(* Let $G$ be a graph without isolated vertices and $T$ a solution counting decision tree for $\varphi(G)$. Let $u$ be a node of $T$ labelled by a variable $x$ that is not forced to $1$ by $A_u$. Then the weight of the outgoing edge of $u$ labelled $\neg x$ is between $(1/2)^{|N^u(x)|+1}$ and $1/2$, and the weight of the outgoing edge of $u$ labelled $x$ is between $1/2$ and $1-(1/2)^{|N^u(x)|+1}$.
   Context: $\varphi(G)$ is the CNF on variables $V(G)$ with clauses $(u\vee v)$ for $\{u,v\}\in E(G)$. Boolean functions are identified with their sets of satisfying assignments (sets of literals); $F|_S$ is the function on the remaining variables whose satisfying assignments are the $S'$ with $S\cup S'$ satisfying $F$; $|\cdot|$ counts satisfying assignments. Decision tree for $F$ (not constant false): root labelled by some $x\in Var(F)$; for each literal $\ell\in\{x,\neg x\}$ occurring in some satisfying assignment, an outgoing edge labelled $\ell$ whose head is a leaf if $|Var(F)|=1$ and otherwise the root of a decision tree for $F|_\ell$. A solution counting decision tree additionally gives the edge leaving node $w$ with label $\ell$ the weight $|F|_{A_w\cup\{\ell\}}|/|F|_{A_w}|$, where $A_w$ is the set of literals labelling the root-$w$ path. A variable $y$ is forced to $1$ by $A_u$ if some neighbour $z$ of $y$ in $G$ has $\neg z\in A_u$. $N^u(y)$ is the set of neighbours $z$ of $y$ that do not occur in $A_u$ and are not forced to $1$ by $A_u$. *)

From mathcomp Require Import all_boot all_order all_algebra.
Set Implicit Arguments. Unset Strict Implicit. Unset Printing Implicit Defensive.
Import GRing.Theory Num.Theory.

Section Defs.
Variable V : finType.

(* A literal (v, b) means "variable v has value b": (v,true) = v, (v,false) = ~v. *)
Definition lit := (V * bool)%type.

Definition sat_phi (e : rel V) (s : {ffun V -> bool}) : bool :=
  [forall u, forall v, e u v ==> (s u || s v)].

(* |phi(G)|_A| : number of satisfying assignments of the restriction to the
   literal set A, i.e. total satisfying assignments of phi(G) extending A. *)
Definition cnt (e : rel V) (A : seq lit) : nat :=
  #|[set s : {ffun V -> bool} | sat_phi e s && all (fun l => s l.1 == l.2) A]|.

Definition vars (A : seq lit) : seq V := map fst A.

Definition nrem (A : seq lit) : nat := #|[set v : V | v \notin vars A]|.

(* Decision trees: a node carries its variable, the child along the edge
   labelled ~x and the child along the edge labelled x (None = no edge). *)
Inductive dtree : Type :=
| Leaf
| Node of V & option dtree & option dtree.

Definition child (c0 c1 : option dtree) (b : bool) : option dtree :=
  if b then c1 else c0.

(* dt_wf e A t : t is a decision tree for phi(G)|_A, where A is the set of
   literals labelling the root-path (listed from the root). *)
Fixpoint dt_wf (e : rel V) (A : seq lit) (t : dtree) : Prop :=
  match t with
  | Leaf => False
  | Node x c0 c1 =>
      0 < cnt e A /\ x \notin vars A /\
      (forall b : bool,
         match child c0 c1 b with
         | None => cnt e (rcons A (x, b)) = 0
         | Some t' => 0 < cnt e (rcons A (x, b)) /\
             (if nrem A == 1 then t' = Leaf
              else dt_wf e (rcons A (x, b)) t')
         end)
  end.

(* at_node t P x : following path P (literals, from the root) in t reaches an
   internal node labelled by x; then A_u = P. *)
Fixpoint at_node (t : dtree) (P : seq lit) (x : V) : Prop :=
  match P with
  | [::] => exists c0 c1, t = Node x c0 c1
  | (y, b) :: P' => exists c0 c1 t', t = Node y c0 c1 /\
       child c0 c1 b = Some t' /\ at_node t' P' x
  end.

Definition weight (e : rel V) (A : seq lit) (l : lit) : rat :=
  (cnt e (rcons A l))%:R / (cnt e A)%:R.

Definition forced1 (e : rel V) (A : seq lit) (y : V) : bool :=
  [exists z, e y z && ((z, false) \in A)].

Definition Nu (e : rel V) (A : seq lit) (y : V) : {set V} :=
  [set z | e y z & (z \notin vars A) && ~~ forced1 e A z].

End Defs.

From mathcomp Require Import all_boot all_order all_algebra.
From mathcomp Require Import lra zify.
Import GRing.Theory Num.Theory.

Set Implicit Arguments.
Unset Strict Implicit.
Unset Printing Implicit Defensive.

(* Split the solutions extending A according to the value of x, with counts
   c0 and c1; the weights are c0 / (c0 + c1) and c1 / (c0 + c1).  Since
   phi(G) is monotone, setting x to 1 maps the x = 0 solutions injectively
   into the x = 1 solutions, so c0 <= c1.  Conversely, a solution with x = 1
   stays a solution when x is set to 0 and its neighbours to 1; the
   neighbours outside N^u(x) were already 1 (fixed by A, which cannot set
   them to 0 as x is not forced, or forced to 1 by A), so the original is
   recovered from the image together with its values on N^u(x), whence
   c1 <= 2^|N^u(x)| c0. *)

Section DecisionTree.
Variables (V : finType) (e : rel V).

Lemma at_node_Leaf P (x : V) : ~ at_node (Leaf V) P x.
Proof. by case: P => [|[y b] P] /=; [case=> ? [] | case=> ? [] ? [] ? []]. Qed.

Lemma dt_wf_at_node P : forall (t : dtree V) B x,
  dt_wf e B t -> at_node t P x -> 0 < cnt e (B ++ P) /\ x \notin vars (B ++ P).
Proof.
elim: P => [|[y b] P IH] t B x /=.
  by move=> wf_t [c0 [c1 t_eq]]; move: wf_t; rewrite t_eq cats0 => -[? [? _]].
move=> wf_t [c0 [c1 [t' [t_eq [child_b at_t']]]]]; move: wf_t.
rewrite t_eq => -[_ [_ /(_ b)]]; rewrite child_b => -[_].
case: (nrem B == 1) => [t'_Leaf | wf_t'].
  by move: at_t'; rewrite t'_Leaf => /at_node_Leaf.
by rewrite -cat_rcons; apply: IH wf_t' at_t'.
Qed.

End DecisionTree.

Section Counting.
Variables (V : finType) (e : rel V).
Implicit Types (s t : {ffun V -> bool}) (A : seq (lit V)).

Definition agrees s A := all (fun l => s l.1 == l.2) A.

Definition sols A := [set s : {ffun V -> bool} | sat_phi e s && agrees s A].

Lemma sols_rcons A x b :
  sols (rcons A (x, b)) = sols A :&: [set s : {ffun V -> bool} | s x == b].
Proof.
by apply/setP => s; rewrite !inE /agrees all_rcons /=; case: (s x == b); rewrite ?andbT ?andbF.
Qed.

Lemma cnt_rcons_split A x :
  cnt e A = (cnt e (rcons A (x, false)) + cnt e (rcons A (x, true)))%N.
Proof.
rewrite /cnt -!/(sols _) !sols_rcons -(cardsID [set s : {ffun V -> bool} | s x] (sols A)) addnC.
by congr (_ + _)%N; apply: eq_card => s; rewrite !inE; case: (s x); rewrite ?andbT ?andbF.
Qed.

Lemma sat_phi_mono s t : (forall v, s v ==> t v) -> sat_phi e s -> sat_phi e t.
Proof.
move=> le_st /forallP sat_s; apply/forallP => u; apply/forallP => v.
apply/implyP => /(implyP (forallP (sat_s u) v)).
by have := le_st u; have := le_st v; do 2 case: (s _); case: (t u); case: (t v).
Qed.

Lemma agrees_eq_on s t A : {in vars A, s =1 t} -> agrees s A = agrees t A.
Proof.
move=> eq_st; apply: eq_in_all => l l_A.
by rewrite eq_st //; apply: map_f.
Qed.

Lemma agrees_forced s A y : sat_phi e s -> agrees s A -> forced1 e A y -> s y.
Proof.
move=> /forallP sat_s /allP agr /existsP[z /andP[e_yz z0_A]].
move: (forallP (sat_s y) z) (agr _ z0_A) => /implyP/(_ e_yz).
by move=> /orP[// | sz] /eqP/= s_z; rewrite s_z in sz.
Qed.

Section FreshVariable.
Variables (A : seq (lit V)) (x : V).
Hypothesis x_fresh : x \notin vars A.

Definition set_true s := [ffun v => (v == x) || s v].

Lemma cnt_false_le_true :
  (cnt e (rcons A (x, false)) <= cnt e (rcons A (x, true)))%N.
Proof.
rewrite /cnt -!/(sols _) -(@card_in_imset _ _ set_true); last first.
  move=> s t; rewrite !sols_rcons !inE => /andP[_ /eqP s_x] /andP[_ /eqP t_x] eq_st.
  apply/ffunP => v; move/ffunP/(_ v): eq_st; rewrite !ffunE.
  by case: (v =P x) => [vx | _]; rewrite ?vx ?s_x ?t_x.
apply: subset_leq_card; apply/subsetP => _ /imsetP[s + ->].
rewrite !sols_rcons !inE ffunE eqxx andbT => /andP[/andP[sat_s agr_s] _].
rewrite (sat_phi_mono _ sat_s) => [|v]; last by rewrite ffunE implybE orbCA orNb orbT.
rewrite /= (@agrees_eq_on _ s) // => v v_A; rewrite ffunE.
by case: (v =P x) v_A => // ->; rewrite (negbTE x_fresh).
Qed.

Hypothesis e_sym : symmetric e.
Hypothesis e_irr : irreflexive e.
Hypothesis x_unforced : ~~ forced1 e A x.

Definition isolate s := [ffun v => if v == x then false else e x v || s v].

Lemma sat_phi_isolate s : sat_phi e s -> sat_phi e (isolate s).
Proof.
move=> sat_s; apply/forallP => u; apply/forallP => v; apply/implyP => e_uv.
move: (implyP (forallP (forallP sat_s u) v) e_uv); rewrite !ffunE.
case: (u =P x) => [ux | _]; case: (v =P x) => [vx | _] //=.
- by move: e_uv; rewrite ux vx e_irr.
- by rewrite -ux e_uv.
- by rewrite -vx e_sym e_uv.
- by case/orP => ->; rewrite !orbT.
Qed.

Lemma lit_neighbour_true z b : (z, b) \in A -> e x z -> b.
Proof.
case: b => // z0_A e_xz; move/negP: x_unforced; case.
by apply/existsP; exists z; rewrite e_xz z0_A.
Qed.

Lemma agrees_isolate s : agrees s A -> agrees (isolate s) A.
Proof.
move=> agr_s; rewrite (@agrees_eq_on _ s) // => v /mapP[[z b] zb_A ->] /=.
have := allP agr_s _ zb_A; rewrite ffunE /= => /eqP s_z.
case: (z =P x) => [zx | _]; first by case/negP: x_fresh; rewrite -zx; apply: map_f zb_A.
by case e_xz: (e x z) => //=; rewrite s_z (lit_neighbour_true zb_A e_xz).
Qed.

Lemma neighbour_outside_Nu s v : s \in sols A -> e x v -> v \notin Nu e A x -> s v.
Proof.
rewrite inE => /andP[sat_s agr_s] e_xv; rewrite inE e_xv andTb negb_and !negbK.
case/orP => [/mapP[[z b] zb_A /= v_z] | ]; last exact: agrees_forced.
subst v; move: (allP agr_s _ zb_A) => /eqP/= ->; exact: lit_neighbour_true zb_A e_xv.
Qed.

Lemma cnt_true_le_false :
  (cnt e (rcons A (x, true)) <= 2 ^ #|Nu e A x| * cnt e (rcons A (x, false)))%N.
Proof.
pose code s := (isolate s, Nu e A x :&: [set z | s z]).
rewrite /cnt -!/(sols _) -(@card_in_imset _ _ code); last first.
  move=> s t; rewrite !sols_rcons => /setIP[s_A s_x] /setIP[t_A t_x].
  case=> /ffunP eq_iso /setP eq_Nu; apply/ffunP => v.
  move: s_x t_x; rewrite !inE => /eqP s_x /eqP t_x.
  case: (v =P x) => [-> | vx]; first by rewrite s_x t_x.
  have := eq_iso v; rewrite !ffunE; move/eqP/negbTE: vx => -> /=.
  case e_xv: (e x v) => //= _.
  case Nu_v: (v \in Nu e A x); first by move: (eq_Nu v) => /=; rewrite !in_setI Nu_v !inE.
  by rewrite !(neighbour_outside_Nu _ e_xv (negbT Nu_v)).
rewrite mulnC -card_powerset -cardsX; apply: subset_leq_card; apply/subsetP.
move=> _ /imsetP[s + ->]; rewrite !sols_rcons !inE /= => /andP[/andP[sat_s agr_s] _].
by rewrite sat_phi_isolate // agrees_isolate // ffunE eqxx subsetIl.
Qed.

End FreshVariable.
End Counting.

Local Open Scope ring_scope.

Lemma ratio_bounds (R : realFieldType) (c0 c1 n : nat) :
  (0 < c0 + c1)%N -> (c0 <= c1)%N -> (c1 <= 2 ^ n * c0)%N ->
  (1 / 2) ^+ n.+1 <= (c0%:R / (c0 + c1)%N%:R : R) <= 1 / 2.
Proof.
move=> pos le01 le10; have N_gt0 : (0 : R) < (c0 + c1)%N%:R by rewrite ltr0n.
have -> : (1 / 2 : R) ^+ n.+1 = ((2 ^ n.+1)%N%:R)^-1 by rewrite natrX div1r exprVn.
apply/andP; split.
  rewrite ler_pdivlMr // mulrC ler_pdivrMr ?ltr0n ?expn_gt0 // -natrM ler_nat.
  by have := expn_gt0 2 n; rewrite expnS; lia.
have le01_R : c0%:R <= c1%:R :> R by rewrite ler_nat.
rewrite ler_pdivrMr // natrD; lra.
Qed.

Lemma weight_true_compl (V : finType) (e : rel V) A (x : V) : (0 < cnt e A)%N ->
  weight e A (x, true) = 1 - weight e A (x, false).
Proof.
move=> cnt_gt0; have cnt_neq0 : (cnt e A)%:R != 0 :> rat by rewrite pnatr_eq0 -lt0n.
apply: (mulIf cnt_neq0); rewrite /weight mulrBl mul1r !mulfVK //.
by rewrite (cnt_rcons_split e A x) natrD; lra.
Qed.

Theorem lemma11 (V : finType) (e : rel V)
  (e_sym : symmetric e) (e_irr : irreflexive e)
  (no_isolated : forall v : V, exists w : V, e v w)
  (T : dtree V) (HT : dt_wf e [::] T)
  (A : seq (lit V)) (x : V) (Hu : at_node T A x)
  (Hx : ~~ forced1 e A x) :
  ((1 / 2) ^+ (#|Nu e A x|.+1) <= weight e A (x, false) <= 1 / 2) /\
  (1 / 2 <= weight e A (x, true) <= 1 - (1 / 2) ^+ (#|Nu e A x|.+1)).
Proof.
have [cnt_gt0 x_fresh] := dt_wf_at_node HT Hu; rewrite cat0s in cnt_gt0 x_fresh.
have /andP[lo hi] : (1 / 2) ^+ #|Nu e A x|.+1 <= weight e A (x, false) <= 1 / 2.
  rewrite /weight (cnt_rcons_split e A x); apply: ratio_bounds.
  - by rewrite -cnt_rcons_split.
  - exact: cnt_false_le_true.
  - exact: cnt_true_le_false.
by rewrite weight_true_compl //; split; apply/andP; split; lra.
Qed.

*****

-- BRIEF --
Each line in the listing above from the one containing "have := eq_iso" through the one containing "(0 < c0 + c1)%N" should be repeated exactly, and no other line.

-- ANSWER TO THE EXERCISE --
  have := eq_iso v; rewrite !ffunE; move/eqP/negbTE: vx => -> /=.
  case e_xv: (e x v) => //= _.
  case Nu_v: (v \in Nu e A x); first by move: (eq_Nu v) => /=; rewrite !in_setI Nu_v !inE.
  by rewrite !(neighbour_outside_Nu _ e_xv (negbT Nu_v)).
rewrite mulnC -card_powerset -cardsX; apply: subset_leq_card; apply/subsetP.
move=> _ /imsetP[s + ->]; rewrite !sols_rcons !inE /= => /andP[/andP[sat_s agr_s] _].
by rewrite sat_phi_isolate // agrees_isolate // ffunE eqxx subsetIl.
Qed.

End FreshVariable.
End Counting.

Local Open Scope ring_scope.

Lemma ratio_bounds (R : realFieldType) (c0 c1 n : nat) :
  (0 < c0 + c1)%N -> (c0 <= c1)%N -> (c1 <= 2 ^ n * c0)%N ->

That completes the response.